### AIM OF THE TASK
Every line in the records below that holds the word "prednK" is to be copied.

[Recorded data]
+++

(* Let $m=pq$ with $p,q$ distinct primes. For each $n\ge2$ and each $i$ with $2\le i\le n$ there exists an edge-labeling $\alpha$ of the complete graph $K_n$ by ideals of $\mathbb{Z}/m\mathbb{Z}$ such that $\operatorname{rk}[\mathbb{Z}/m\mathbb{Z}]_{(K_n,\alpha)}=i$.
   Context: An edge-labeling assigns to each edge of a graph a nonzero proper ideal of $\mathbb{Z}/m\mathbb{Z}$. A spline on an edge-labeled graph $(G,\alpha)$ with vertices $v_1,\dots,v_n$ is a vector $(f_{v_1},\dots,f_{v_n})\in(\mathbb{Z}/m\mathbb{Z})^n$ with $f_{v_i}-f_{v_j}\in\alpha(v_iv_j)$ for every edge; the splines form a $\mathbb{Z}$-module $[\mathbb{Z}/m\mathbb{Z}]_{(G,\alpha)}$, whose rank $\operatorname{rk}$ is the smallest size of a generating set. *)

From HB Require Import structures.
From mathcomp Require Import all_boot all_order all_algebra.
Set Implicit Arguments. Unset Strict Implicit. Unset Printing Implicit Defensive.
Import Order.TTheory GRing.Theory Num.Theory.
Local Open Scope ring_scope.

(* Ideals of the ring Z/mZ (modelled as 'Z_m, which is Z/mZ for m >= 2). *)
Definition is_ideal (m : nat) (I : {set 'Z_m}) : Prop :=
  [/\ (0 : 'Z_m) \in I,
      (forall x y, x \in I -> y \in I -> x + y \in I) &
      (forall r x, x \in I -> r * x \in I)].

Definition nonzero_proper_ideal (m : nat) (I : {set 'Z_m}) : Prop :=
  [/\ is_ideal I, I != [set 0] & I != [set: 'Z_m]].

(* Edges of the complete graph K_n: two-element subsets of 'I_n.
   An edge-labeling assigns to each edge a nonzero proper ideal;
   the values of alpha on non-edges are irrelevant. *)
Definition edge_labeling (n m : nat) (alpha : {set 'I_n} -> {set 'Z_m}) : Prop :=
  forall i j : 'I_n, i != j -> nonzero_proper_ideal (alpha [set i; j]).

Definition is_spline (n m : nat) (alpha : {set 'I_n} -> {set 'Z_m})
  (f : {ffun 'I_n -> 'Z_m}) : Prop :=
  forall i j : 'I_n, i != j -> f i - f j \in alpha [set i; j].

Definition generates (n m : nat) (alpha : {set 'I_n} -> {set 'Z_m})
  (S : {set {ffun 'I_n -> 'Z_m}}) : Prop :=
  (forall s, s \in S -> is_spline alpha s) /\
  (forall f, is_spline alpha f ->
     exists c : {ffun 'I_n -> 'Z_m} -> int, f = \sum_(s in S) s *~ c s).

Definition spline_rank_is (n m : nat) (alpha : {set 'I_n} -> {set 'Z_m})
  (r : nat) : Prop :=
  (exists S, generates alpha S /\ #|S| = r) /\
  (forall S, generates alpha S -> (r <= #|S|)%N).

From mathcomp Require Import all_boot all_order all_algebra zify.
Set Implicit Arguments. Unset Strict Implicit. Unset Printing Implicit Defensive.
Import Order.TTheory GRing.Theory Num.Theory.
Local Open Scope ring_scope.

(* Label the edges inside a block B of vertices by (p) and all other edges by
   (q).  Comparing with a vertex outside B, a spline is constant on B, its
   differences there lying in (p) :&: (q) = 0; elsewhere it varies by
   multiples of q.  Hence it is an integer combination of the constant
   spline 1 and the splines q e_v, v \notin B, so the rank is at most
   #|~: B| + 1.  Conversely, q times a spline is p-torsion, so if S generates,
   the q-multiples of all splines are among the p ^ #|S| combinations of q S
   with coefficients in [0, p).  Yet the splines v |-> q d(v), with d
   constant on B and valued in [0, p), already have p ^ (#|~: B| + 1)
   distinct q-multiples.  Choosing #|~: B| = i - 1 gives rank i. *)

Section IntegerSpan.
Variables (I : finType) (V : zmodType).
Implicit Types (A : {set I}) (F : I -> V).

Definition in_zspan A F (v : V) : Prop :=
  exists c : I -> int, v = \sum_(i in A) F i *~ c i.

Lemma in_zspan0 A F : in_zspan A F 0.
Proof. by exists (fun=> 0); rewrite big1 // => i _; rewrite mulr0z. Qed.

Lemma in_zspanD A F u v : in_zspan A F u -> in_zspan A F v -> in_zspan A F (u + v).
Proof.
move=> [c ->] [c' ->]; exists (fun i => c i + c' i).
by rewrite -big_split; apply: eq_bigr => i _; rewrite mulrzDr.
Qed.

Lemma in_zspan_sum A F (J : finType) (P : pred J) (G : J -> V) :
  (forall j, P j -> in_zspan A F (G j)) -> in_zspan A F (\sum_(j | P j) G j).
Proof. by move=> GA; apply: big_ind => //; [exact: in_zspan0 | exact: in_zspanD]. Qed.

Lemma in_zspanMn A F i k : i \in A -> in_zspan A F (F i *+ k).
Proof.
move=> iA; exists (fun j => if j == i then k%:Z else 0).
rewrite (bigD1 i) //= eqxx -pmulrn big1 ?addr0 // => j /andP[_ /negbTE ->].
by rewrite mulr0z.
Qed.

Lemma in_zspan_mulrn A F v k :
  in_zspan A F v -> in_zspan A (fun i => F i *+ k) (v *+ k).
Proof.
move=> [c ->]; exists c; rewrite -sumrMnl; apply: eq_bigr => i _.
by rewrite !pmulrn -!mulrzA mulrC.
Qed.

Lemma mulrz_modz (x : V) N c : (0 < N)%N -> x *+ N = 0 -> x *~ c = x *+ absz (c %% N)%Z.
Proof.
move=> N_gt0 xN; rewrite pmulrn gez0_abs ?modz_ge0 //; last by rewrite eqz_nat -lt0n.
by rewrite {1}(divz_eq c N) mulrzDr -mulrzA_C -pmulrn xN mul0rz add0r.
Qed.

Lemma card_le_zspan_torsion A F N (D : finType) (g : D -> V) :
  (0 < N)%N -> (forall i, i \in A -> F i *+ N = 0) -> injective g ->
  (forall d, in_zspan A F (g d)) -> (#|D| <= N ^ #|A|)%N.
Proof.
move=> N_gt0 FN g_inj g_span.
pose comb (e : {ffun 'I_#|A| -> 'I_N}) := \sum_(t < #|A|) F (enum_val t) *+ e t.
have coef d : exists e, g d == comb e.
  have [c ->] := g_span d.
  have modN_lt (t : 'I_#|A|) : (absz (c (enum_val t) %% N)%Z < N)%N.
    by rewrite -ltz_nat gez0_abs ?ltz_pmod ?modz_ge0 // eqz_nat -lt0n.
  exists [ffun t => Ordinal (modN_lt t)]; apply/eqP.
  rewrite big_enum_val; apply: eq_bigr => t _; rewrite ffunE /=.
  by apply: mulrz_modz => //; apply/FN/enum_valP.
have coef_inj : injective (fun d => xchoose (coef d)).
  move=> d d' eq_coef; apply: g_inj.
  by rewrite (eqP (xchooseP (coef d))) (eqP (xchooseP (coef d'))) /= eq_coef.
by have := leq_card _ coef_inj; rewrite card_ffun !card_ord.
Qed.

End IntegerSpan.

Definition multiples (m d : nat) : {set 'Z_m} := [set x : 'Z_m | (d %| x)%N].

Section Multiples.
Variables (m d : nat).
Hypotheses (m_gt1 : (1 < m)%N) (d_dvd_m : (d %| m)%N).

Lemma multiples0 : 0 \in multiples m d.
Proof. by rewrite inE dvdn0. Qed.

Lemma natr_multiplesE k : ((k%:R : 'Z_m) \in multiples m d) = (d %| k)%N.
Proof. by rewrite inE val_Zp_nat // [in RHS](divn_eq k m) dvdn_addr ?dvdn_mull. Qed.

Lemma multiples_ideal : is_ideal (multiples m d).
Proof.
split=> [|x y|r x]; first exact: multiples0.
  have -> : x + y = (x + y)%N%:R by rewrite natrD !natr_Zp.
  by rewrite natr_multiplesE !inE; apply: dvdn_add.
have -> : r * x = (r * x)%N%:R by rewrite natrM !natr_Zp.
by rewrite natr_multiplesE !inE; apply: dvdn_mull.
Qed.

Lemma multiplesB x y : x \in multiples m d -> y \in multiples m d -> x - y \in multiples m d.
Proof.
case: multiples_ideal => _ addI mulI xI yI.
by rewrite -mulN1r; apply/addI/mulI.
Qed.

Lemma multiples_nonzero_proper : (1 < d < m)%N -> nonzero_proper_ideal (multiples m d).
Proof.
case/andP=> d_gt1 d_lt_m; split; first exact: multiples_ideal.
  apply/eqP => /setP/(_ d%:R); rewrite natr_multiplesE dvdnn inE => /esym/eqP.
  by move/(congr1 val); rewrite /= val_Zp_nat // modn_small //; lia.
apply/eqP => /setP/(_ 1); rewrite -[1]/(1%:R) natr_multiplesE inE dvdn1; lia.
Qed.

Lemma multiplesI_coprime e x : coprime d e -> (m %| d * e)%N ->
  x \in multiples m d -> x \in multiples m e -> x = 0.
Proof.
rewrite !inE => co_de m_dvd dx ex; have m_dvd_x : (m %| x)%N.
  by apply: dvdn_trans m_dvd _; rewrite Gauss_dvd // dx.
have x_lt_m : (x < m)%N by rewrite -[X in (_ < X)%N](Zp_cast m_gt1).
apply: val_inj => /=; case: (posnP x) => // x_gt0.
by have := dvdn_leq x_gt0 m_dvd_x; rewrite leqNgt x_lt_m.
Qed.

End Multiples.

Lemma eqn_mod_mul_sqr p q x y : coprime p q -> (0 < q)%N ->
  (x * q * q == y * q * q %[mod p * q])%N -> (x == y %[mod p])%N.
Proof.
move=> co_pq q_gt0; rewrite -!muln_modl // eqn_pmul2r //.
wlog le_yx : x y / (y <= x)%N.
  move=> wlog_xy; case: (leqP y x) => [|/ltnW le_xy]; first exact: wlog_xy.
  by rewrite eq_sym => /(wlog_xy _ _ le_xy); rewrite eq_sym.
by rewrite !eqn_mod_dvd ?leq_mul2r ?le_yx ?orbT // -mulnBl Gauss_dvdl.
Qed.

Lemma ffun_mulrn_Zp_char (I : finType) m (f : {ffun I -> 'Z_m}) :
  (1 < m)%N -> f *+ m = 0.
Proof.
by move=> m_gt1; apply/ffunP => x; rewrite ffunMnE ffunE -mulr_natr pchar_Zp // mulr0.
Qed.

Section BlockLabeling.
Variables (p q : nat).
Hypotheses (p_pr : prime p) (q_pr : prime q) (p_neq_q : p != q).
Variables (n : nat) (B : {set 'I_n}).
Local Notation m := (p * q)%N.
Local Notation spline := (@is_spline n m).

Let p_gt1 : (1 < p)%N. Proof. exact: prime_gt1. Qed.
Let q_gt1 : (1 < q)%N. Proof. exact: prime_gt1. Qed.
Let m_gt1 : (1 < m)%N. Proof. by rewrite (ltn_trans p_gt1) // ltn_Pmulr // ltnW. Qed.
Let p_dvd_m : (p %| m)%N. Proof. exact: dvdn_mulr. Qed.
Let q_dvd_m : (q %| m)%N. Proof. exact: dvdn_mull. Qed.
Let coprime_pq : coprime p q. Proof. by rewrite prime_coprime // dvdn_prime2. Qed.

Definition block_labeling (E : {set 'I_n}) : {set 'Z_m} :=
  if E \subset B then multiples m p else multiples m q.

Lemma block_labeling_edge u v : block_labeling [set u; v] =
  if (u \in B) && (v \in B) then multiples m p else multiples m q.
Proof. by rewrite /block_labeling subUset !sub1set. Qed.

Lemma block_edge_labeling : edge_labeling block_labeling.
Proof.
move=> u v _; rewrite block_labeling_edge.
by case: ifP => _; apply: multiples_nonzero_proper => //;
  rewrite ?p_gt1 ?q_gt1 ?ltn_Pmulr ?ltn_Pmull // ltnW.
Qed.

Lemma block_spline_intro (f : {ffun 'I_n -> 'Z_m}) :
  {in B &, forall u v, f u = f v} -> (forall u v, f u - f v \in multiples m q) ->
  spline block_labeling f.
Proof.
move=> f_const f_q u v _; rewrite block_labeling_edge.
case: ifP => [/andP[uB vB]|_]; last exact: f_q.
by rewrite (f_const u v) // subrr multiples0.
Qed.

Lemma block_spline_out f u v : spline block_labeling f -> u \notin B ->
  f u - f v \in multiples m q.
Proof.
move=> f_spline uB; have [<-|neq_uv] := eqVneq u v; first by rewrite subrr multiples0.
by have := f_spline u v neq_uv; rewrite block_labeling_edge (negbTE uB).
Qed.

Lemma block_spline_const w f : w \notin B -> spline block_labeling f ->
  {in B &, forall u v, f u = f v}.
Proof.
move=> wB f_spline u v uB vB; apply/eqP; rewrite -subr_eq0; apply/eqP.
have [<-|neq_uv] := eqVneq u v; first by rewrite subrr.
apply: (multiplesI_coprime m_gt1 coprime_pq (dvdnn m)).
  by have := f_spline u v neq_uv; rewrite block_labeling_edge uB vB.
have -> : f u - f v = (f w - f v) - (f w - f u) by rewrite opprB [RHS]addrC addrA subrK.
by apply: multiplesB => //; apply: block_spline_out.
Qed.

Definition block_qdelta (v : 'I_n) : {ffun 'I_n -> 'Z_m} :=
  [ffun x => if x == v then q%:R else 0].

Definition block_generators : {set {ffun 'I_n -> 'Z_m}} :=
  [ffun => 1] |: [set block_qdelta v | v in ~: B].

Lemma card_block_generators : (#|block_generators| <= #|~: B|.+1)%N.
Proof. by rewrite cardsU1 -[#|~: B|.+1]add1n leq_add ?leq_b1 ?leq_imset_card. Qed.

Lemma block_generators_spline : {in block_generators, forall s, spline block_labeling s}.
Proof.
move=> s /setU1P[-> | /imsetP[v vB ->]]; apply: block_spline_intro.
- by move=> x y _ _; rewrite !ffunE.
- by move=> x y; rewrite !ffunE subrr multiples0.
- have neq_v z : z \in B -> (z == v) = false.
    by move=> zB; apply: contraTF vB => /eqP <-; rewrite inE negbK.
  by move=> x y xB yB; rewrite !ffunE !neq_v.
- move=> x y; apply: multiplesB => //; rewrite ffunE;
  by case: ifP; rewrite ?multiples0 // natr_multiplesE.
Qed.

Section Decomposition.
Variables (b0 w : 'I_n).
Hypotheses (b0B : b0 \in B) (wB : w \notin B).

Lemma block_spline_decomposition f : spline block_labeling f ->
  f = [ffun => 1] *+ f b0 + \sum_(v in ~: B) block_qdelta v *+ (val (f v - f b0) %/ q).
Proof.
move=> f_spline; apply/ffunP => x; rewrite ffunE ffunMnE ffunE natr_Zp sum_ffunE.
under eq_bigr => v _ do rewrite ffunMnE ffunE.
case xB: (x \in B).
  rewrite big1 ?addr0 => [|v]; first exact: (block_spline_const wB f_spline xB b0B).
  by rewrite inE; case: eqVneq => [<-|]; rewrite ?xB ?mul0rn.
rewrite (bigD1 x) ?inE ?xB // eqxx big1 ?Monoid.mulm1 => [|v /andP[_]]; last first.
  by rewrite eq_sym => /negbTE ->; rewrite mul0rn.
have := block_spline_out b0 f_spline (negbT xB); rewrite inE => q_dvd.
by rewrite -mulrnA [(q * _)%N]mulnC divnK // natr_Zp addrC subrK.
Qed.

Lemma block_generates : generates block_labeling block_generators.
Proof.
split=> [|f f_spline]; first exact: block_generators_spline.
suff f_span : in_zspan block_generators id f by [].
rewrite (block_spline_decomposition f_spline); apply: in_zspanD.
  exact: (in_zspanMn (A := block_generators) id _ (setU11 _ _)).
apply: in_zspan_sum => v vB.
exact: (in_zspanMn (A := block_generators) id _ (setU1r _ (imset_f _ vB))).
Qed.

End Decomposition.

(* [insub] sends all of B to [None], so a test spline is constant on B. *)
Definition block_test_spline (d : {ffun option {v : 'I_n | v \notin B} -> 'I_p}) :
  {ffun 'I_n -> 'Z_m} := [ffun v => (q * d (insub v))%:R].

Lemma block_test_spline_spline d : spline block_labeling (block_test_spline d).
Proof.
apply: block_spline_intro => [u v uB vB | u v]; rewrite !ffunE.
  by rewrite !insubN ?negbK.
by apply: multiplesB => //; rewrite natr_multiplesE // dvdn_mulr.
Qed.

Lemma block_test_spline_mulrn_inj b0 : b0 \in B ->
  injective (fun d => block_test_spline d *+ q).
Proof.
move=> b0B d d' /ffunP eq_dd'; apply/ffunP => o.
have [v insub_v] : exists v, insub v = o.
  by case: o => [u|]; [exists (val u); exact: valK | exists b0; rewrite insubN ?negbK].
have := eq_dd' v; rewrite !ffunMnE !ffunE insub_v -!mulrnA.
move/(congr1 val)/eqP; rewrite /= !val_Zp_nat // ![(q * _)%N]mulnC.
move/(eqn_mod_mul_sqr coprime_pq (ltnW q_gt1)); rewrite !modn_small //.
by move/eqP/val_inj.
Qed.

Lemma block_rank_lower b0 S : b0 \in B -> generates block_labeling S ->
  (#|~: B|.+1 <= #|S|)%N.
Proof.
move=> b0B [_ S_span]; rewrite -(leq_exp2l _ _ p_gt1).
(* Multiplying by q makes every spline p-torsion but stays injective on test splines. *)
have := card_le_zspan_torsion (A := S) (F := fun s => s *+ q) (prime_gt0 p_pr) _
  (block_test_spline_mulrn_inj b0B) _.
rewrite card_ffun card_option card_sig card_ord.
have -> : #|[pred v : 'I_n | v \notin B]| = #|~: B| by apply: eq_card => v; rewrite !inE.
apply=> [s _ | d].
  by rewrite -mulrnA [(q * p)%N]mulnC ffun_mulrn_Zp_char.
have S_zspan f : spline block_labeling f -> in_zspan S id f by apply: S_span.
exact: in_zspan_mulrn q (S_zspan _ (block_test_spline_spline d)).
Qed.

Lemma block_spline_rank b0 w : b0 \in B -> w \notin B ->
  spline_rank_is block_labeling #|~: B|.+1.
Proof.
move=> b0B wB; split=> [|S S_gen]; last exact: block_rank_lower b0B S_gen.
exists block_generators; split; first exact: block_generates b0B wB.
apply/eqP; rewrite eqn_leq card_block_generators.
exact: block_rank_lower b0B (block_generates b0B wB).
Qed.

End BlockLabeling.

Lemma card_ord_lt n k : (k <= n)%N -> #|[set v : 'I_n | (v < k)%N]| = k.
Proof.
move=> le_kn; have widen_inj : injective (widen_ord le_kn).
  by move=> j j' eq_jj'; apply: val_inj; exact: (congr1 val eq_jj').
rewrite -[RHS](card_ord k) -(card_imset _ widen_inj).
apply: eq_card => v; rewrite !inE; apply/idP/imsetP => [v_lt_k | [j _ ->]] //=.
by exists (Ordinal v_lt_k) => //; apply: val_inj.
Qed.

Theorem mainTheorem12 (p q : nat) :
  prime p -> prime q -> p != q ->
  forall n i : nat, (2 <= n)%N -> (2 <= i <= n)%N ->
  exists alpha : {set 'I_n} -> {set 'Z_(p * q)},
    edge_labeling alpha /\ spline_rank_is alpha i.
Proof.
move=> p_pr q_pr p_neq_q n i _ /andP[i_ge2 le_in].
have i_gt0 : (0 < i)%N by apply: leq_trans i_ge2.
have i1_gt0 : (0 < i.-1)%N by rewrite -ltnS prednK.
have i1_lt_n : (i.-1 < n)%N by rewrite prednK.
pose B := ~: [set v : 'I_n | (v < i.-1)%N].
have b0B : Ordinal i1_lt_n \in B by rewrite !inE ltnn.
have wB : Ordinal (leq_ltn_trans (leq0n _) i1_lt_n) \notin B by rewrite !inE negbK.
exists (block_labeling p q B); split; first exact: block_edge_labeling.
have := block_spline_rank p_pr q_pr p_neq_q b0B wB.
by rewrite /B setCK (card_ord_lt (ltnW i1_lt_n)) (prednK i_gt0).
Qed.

+++

### PROBLEM SOLUTION
have i1_gt0 : (0 < i.-1)%N by rewrite -ltnS prednK.
have i1_lt_n : (i.-1 < n)%N by rewrite prednK.
by rewrite /B setCK (card_ord_lt (ltnW i1_lt_n)) (prednK i_gt0).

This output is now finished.